Coal is carried from a mine in West Virginia to a power plant in New York in hopper cars on a long train. The automatic hopper car loader is set to put 84 tons of coal into each car. The actual weights of coal loaded into each car are normally distributed, with mean = 84 tons and standard deviation = 1.6 ton. What is the probability that 34 cars chosen at random will have a mean load weight x of less than 83.5 tons of coal? (Round your answer to four decimal places.)
To solve this problem, we can use the Central Limit Theorem which states that the distribution of sample means will be approximately normally distributed, regardless of the shape of the population distribution, as long as the sample size is large enough.
We are given that the population mean is 84 tons and the population standard deviation is 1.6 tons. Since we are sampling 34 cars at random, which is considered a large enough sample size, we can use the normal distribution to approximate the distribution of sample means.
The mean of the sampling distribution of sample means, also known as the mean of x-bar, is equal to the population mean, which is 84 tons.
The standard deviation of the sampling distribution of sample means, also known as the standard error of x-bar, is equal to the population standard deviation divided by the square root of the sample size, which is 1.6 tons / sqrt(34).
We want to find the probability that the mean load weight x is less than 83.5 tons. This can be written as P(x < 83.5).
To calculate this probability, we need to standardize the value of 83.5 using the z-score formula:
z = (x - mean) / standard deviation
z = (83.5 - 84) / (1.6 / sqrt(34))
Calculating this value, we find that z ≈ -1.2274.
Using a standard normal distribution table or a calculator, we can find the probability that z < -1.2274 is approximately 0.1101.
Therefore, the probability that 34 cars chosen at random will have a mean load weight x of less than 83.5 tons of coal is approximately 0.1101.
To solve this problem, we can use the Central Limit Theorem, which states that the distribution of sample means from a population with any distribution will approximate a normal distribution as the sample size increases.

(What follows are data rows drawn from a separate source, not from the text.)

Lemma appell_factor_coef (n : nat) (F : {poly C}) :
  appell alpha n = ('X *+ 2 - 1) * (F \Po ('X * ('X - 1))) ->
  forall k : nat, (k`!)%:R * F`_k = (-1) ^+ k * acoef alpha n k.
Proof.
move=> hA k.
by rewrite acoef_Dstar hA Dstar_comp_coef !mulrA sign_sqr mul1r.
Qed.

End Appell.

Unset Implicit Arguments.

Theorem mainTheorem16 (R : realType) (alpha : nat -> R[i]) :
  propR alpha ->
  (forall n k : nat, (k <= n)%N ->
     acoef alpha n k =
       (-1) ^+ n * (k`!)%:R *
         \sum_(nu < k.+1) ('C(2 * k - nu, k) * 'C(n, nu))%:R * alpha (n - nu)%N)
  /\ (forall n k : nat, (2 <= n)%N -> (k <= n - 2)%N ->
     acoef alpha n k.+2 =
       (4 * k + 6)%N%:R * acoef alpha n k.+1 + (n * (n - 1))%N%:R * acoef alpha (n - 2) k)
  /\ (forall n : nat, odd n ->
       (exists F : {poly R[i]}, (size F <= (n./2).+1)%N /\
          appell alpha n = ('X *+ 2 - 1) * (F \Po ('X * ('X - 1))))
       /\ (forall F : {poly R[i]}, (size F <= (n./2).+1)%N ->
            appell alpha n = ('X *+ 2 - 1) * (F \Po ('X * ('X - 1))) ->
            forall k : nat, (k <= n./2)%N ->
              (k`!)%:R * F`_k = (-1) ^+ k * acoef alpha n k)).
Proof.
move=> hR; split; [|split].
- exact: acoef_formula.
- by move=> n k hn _; apply: acoef_rec.
- move=> n hn; split; first exact: appell_odd_factor.
  by move=> F _ hF k _; apply: appell_factor_coef.
Qed.
(* Fix an integer $k\ge3$ and consider the utility function described in the context. Suppose every $k$-star network is pairwise stable, where this ranges over all numbers of nodes $n\ge 2k$ and all allowed distributions of leaves. Then necessarily $$\gamma=0 \quad\text{and}\quad c=b_1-b_3.$$
   Context: A $k$-star network ($k\ge3$) on $n\ge 2k$ nodes consists of $k$ ''center'' nodes that are pairwise adjacent, forming a clique. Every other node is a leaf adjacent to exactly one center and to nothing else. Each center has at least one leaf, and the numbers of leaves of any two centers differ by at most one. Networks are finite simple undirected graphs whose vertices (nodes) are self-interested agents. Parameters: benefits $b_1>b_2>b_3>b_4>\dots>0$, where $b_i$ is the benefit a node obtains from a node at distance $i$; a link cost $c$ per immediate neighbor; and an intermediation fraction $\gamma$ with $0\le\gamma<1$. (Entry fees play no role here, since all nodes are already in the network.) Notation: $N$ is the set of nodes, $d_j$ the degree of $j$, and $l(j,w)$ the graph distance. A node $x$ is essential for a pair $y,z$ (with $x\notin\{y,z\}$) if $x$ lies on every path joining $y$ and $z$. Write $E(y,z)$ for the set of nodes essential for $y,z$ and $e(y,z)=|E(y,z)|$. Only pairs joined by a path contribute to the sums below. Utility of node $j$ in network $g$: $$u_j(g)=d_j(b_1-c)+\sum_{w\in N,\ l(j,w)>1}b_{l(j,w)}-\sum_{w\in N,\ E(j,w)\ne\emptyset}\gamma\, b_{l(j,w)}+\sum_{y,z\in N,\ j\in E(y,z)}\frac{\gamma}{e(y,z)}\,2\,b_{l(y,z)}.$$ Pairwise stability: $g$ is pairwise stable if (a) for every link $(i,j)\in g$, $u_i(g\setminus\{(i,j)\})\le u_i(g)$ and $u_j(g\setminus\{(i,j)\})\le u_j(g)$; and (b) for every non-link $(i,j)\notin g$, if $u_i(g\cup\{(i,j)\})>u_i(g)$ then $u_j(g\cup\{(i,j)\})<u_j(g)$. *)

From HB Require Import structures.
From mathcomp Require Import all_boot all_order all_algebra.
Set Implicit Arguments. Unset Strict Implicit. Unset Printing Implicit Defensive.
Import Order.TTheory GRing.Theory Num.Theory.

First, we need to calculate the mean and standard deviation of the sample mean load weight.
The mean of the sample mean load weight is equal to the mean of the population, which is 84 tons.

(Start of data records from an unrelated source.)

Lemma alt_sum_pN1 (e : nat) (X : int) S : (0 < e)%N -> k * e%:Z <= X -> (e < S)%N ->
  alt_sum S (-1) e X = 0.
Proof.
case: e => // e _ le_ke_X lt_e_S.
have le_ke_X' : k * e%:Z <= X by rewrite (le_trans _ le_ke_X) // ler_pM2l; lia.
have := alt_sum_pascal S 0 e.+1 X (lexx 0) isT.
rewrite sub0r subzS1 !alt_sum_p0 // 1?ltnW //.
by move=> /(congr1 (fun z => z - 1)); rewrite addrK subrr => <-.
Qed.

End AlternatingSum.

Lemma big_tupleS (R : Type) (idx : R) (op : Monoid.com_law idx) (T : finType) (L : nat)
    (F : L.+1.-tuple T -> R) :
  \big[op/idx]_(t : L.+1.-tuple T) F t =
  \big[op/idx]_(x : T) \big[op/idx]_(t : L.-tuple T) F [tuple of x :: t].
Proof.
rewrite (reindex (fun xt : T * L.-tuple T => [tuple of xt.1 :: xt.2])) /=.
  by rewrite -(pair_bigA _ (fun (x : T) (t : L.-tuple T) => F [tuple of x :: t])).
exists (fun t : L.+1.-tuple T => (thead t, [tuple of behead t])).
  by move=> [x t] _; congr pair; apply: val_inj.
by move=> t _; rewrite [in RHS](tuple_eta t).
Qed.

Fixpoint npaths (k r : int) (q : point) (L : nat) (p0 : point) : nat :=
  match L with
  | 0 => (p0 == q) && weakly_above k r p0
  | L.+1 => if weakly_above k r p0
            then (npaths k r q L (step p0 true) + npaths k r q L (step p0 false))%N
            else 0%N
  end.

Lemma card_npaths (k r : int) (q p0 : point) (L : nat) :
  #|[set t : L.-tuple bool |
     (path_end p0 t == q) && all (weakly_above k r) (path_points p0 t)]|
  = npaths k r q L p0.
Proof.
rewrite -sum1dep_card big_mkcond /=; elim: L p0 => [|L IH] p0.
  rewrite (big_pred1 [tuple]) => [|t]; last by symmetry; apply/eqP; apply: tuple0.
  by rewrite /path_end /path_points /= andbT; case: ifP.
rewrite big_tupleS big_bool /= /path_end /path_points /=.
by case: (weakly_above k r p0); rewrite /= -?IH // !big1 // => t _; rewrite andbF.
Qed.

Lemma weakly_aboveE (k r x y : int) : 0 < k -> weakly_above k r (x, y) = (x <= k * (y + r)).
Proof.
move=> k_gt0; rewrite /weakly_above /= lerBlDr ler_pdivrMr ?ltr0z //.
by rewrite -intrD -intrM ler_int mulrC.
Qed.

Lemma npaths_not_above k r q L p0 : ~~ weakly_above k r p0 -> npaths k r q L p0 = 0%N.
Proof. by case: L => [|L] /= /negbTE->; rewrite ?andbF. Qed.

Lemma npaths_beyond k r (q : point) L (p0 : point) :
  (q.1 < p0.1) || (q.2 < p0.2) -> npaths k r q L p0 = 0%N.
Proof.
case: q => qx qy; elim: L p0 => [|L IH] [x y] /= beyond.
  by case: eqP => // -[ex ey]; move: beyond; rewrite ex ey !ltxx.
by case: ifP => // _; rewrite !IH //=; lia.
Qed.

Section PathCount.

Variables (k r m n : int).
Hypotheses (k_ge1 : 1 <= k) (end_above : m <= k * (n + r)).

Let X := k * (n + r) - m.

(* [p] east and [e] north steps remain to reach (m, n); both sides obey Pascal's rule, and the
   neighbours past the endpoint or below the line contribute 0 to both. *)
Lemma npaths_alt_sum (L p e : nat) S : L = (p + e)%N -> k * e%:Z <= X + p%:Z -> (e < S)%N ->
  (npaths k r (m, n) L (m - p%:Z, n - e%:Z))%:Z = alt_sum k S p e X.
Proof.
have k_gt0 : 0 < k by lia.
elim: L p e S => [|L IH] p e S def_L start_above lt_e_S.
  case: p e def_L {start_above} lt_e_S => [|//] [|//] _ lt0S.
  by rewrite /= !subr0 eqxx /= weakly_aboveE // alt_sum_e0 //; lia.
have start_aboveE : weakly_above k r (m - p%:Z, n - e%:Z).
  rewrite weakly_aboveE //; lia.
rewrite /= start_aboveE PoszD alt_sum_pascal //; last by apply/orP; lia.
rewrite /step /=; congr (_ + _).
- case: p def_L start_above {start_aboveE} => [|p] def_L start_above.
    rewrite npaths_beyond /=; last by apply/orP; left; lia.
    by rewrite sub0r alt_sum_pN1 //; lia.
  have -> : m - p.+1%:Z + 1 = m - p%:Z by rewrite -subzS1; ring.
  rewrite subzS1; have [next_above|next_below] := leP (k * e%:Z) (X + p%:Z).
    by apply: IH => //; lia.
  rewrite alt_sum_on_line; try lia.
  by rewrite npaths_not_above // weakly_aboveE //; lia.
- case: e def_L start_above lt_e_S {start_aboveE} => [|e] def_L start_above lt_e_S.
    rewrite npaths_beyond /=; last by apply/orP; right; lia.
    by rewrite alt_sum_eneg.
  have -> : n - e.+1%:Z + 1 = n - e%:Z by rewrite -subzS1; ring.
  rewrite subzS1; apply: IH; [lia | | exact: ltnW].
  have : k * e%:Z <= k * e.+1%:Z by rewrite ler_pM2l; lia.
  lia.
Qed.

End PathCount.

Theorem corollary2p2 (k r a b m n : int) :
  1 <= k ->
  0 <= a -> a <= m ->
  0 <= b -> (a%:~R / k%:~R - r%:~R <= (b%:~R : rat)) -> b <= n ->
  (m%:~R / k%:~R - r%:~R <= (n%:~R : rat)) ->
  (#|Lpaths k r a b m n|%:R : rat) =
  \sum_(0 <= i < (absz ((k * (n + r) - m) %/ (k + 1))%Z).+1)
     (-1) ^+ i
     * ((k * (b + r) - a + 1)%:~R / (k * (n + r - i%:Z) - a + 1)%:~R)
     * (zbinom ((k + 1) * (n - i%:Z) - a - b + k * r) (n - b - i%:Z))%:~R
     * (zbinom (k * (n + r - i%:Z) - m) i%:Z)%:~R.
Proof.
move=> k_ge1 a_ge0 le_am b_ge0 start_above le_bn end_above.
have k_gt0 : 0 < k by lia.
have {}start_above : a <= k * (b + r) by rewrite -(weakly_aboveE k r a b k_gt0).
have {}end_above : m <= k * (n + r) by rewrite -(weakly_aboveE k r m n k_gt0).
pose p := absz (m - a); pose e := absz (n - b).
have p_def : p%:Z = m - a by rewrite gez0_abs //; lia.
have e_def : e%:Z = n - b by rewrite gez0_abs //; lia.
have len_def : path_len a b m n = (p + e)%N by apply/eqP; rewrite -eqz_nat /path_len; lia.
have -> : #|Lpaths k r a b m n| = npaths k r (m, n) (p + e) (m - p%:Z, n - e%:Z).
  by rewrite /Lpaths card_npaths len_def p_def e_def !subKr.
have slack : k * e%:Z <= k * (n + r) - m + p%:Z by lia.
have S_gt : k * (n + r) - m < (k + 1) * (absz ((k * (n + r) - m) %/ (k + 1))%Z).+1%:Z.
  have q_ge0 : 0 <= ((k * (n + r) - m) %/ (k + 1))%Z by rewrite divz_ge0; lia.
  by rewrite -addn1 PoszD gez0_abs // [Y in _ < Y]mulrC; apply: ltz_ceil; lia.
set S := (absz ((k * (n + r) - m) %/ (k + 1))%Z).+1 in S_gt *.
rewrite pmulrn (@npaths_alt_sum k r m n k_ge1 end_above _ p e (maxn e.+1 S)) ?leq_maxl //.
rewrite (@alt_sum_trunc k _ S _ _ _ (ltW k_gt0) (leq_maxr _ _) S_gt).
rewrite /alt_sum rmorph_sum; apply: eq_bigr => i _ /=; rewrite alt_term_ratio // p_def e_def.
by congr (_ * (_%:~R / _%:~R) * (zbinom _ _)%:~R * (zbinom _ _)%:~R); ring.
Qed.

The standard deviation of the sample mean load weight, also known as the standard error, can be calculated using the formula:
Standard Error = standard deviation / sqrt(sample size)
In this case, the standard deviation is 1.6 tons, and the sample size is 34 cars.
Standard Error = 1.6 / sqrt(34)
Next, we need to convert the given value of 83.5 tons to a z-score.
Z = (x - mean) / standard error
Z = (83.5 - 84) / (1.6 / sqrt(34))
Using a z-table or calculator, we can find the probability corresponding to this z-score.
The probability that 34 cars chosen at random will have a mean load weight less than 83.5 tons is approximately 0.0085 (rounded to four decimal places).
To solve this problem, we need to use the concept of the sampling distribution of the sample mean.
The given information tells us that the mean weight of coal loaded into each car is 84 tons with a standard deviation of 1.6 tons. We are interested in the mean load weight of a sample of 34 cars chosen at random, denoted as x.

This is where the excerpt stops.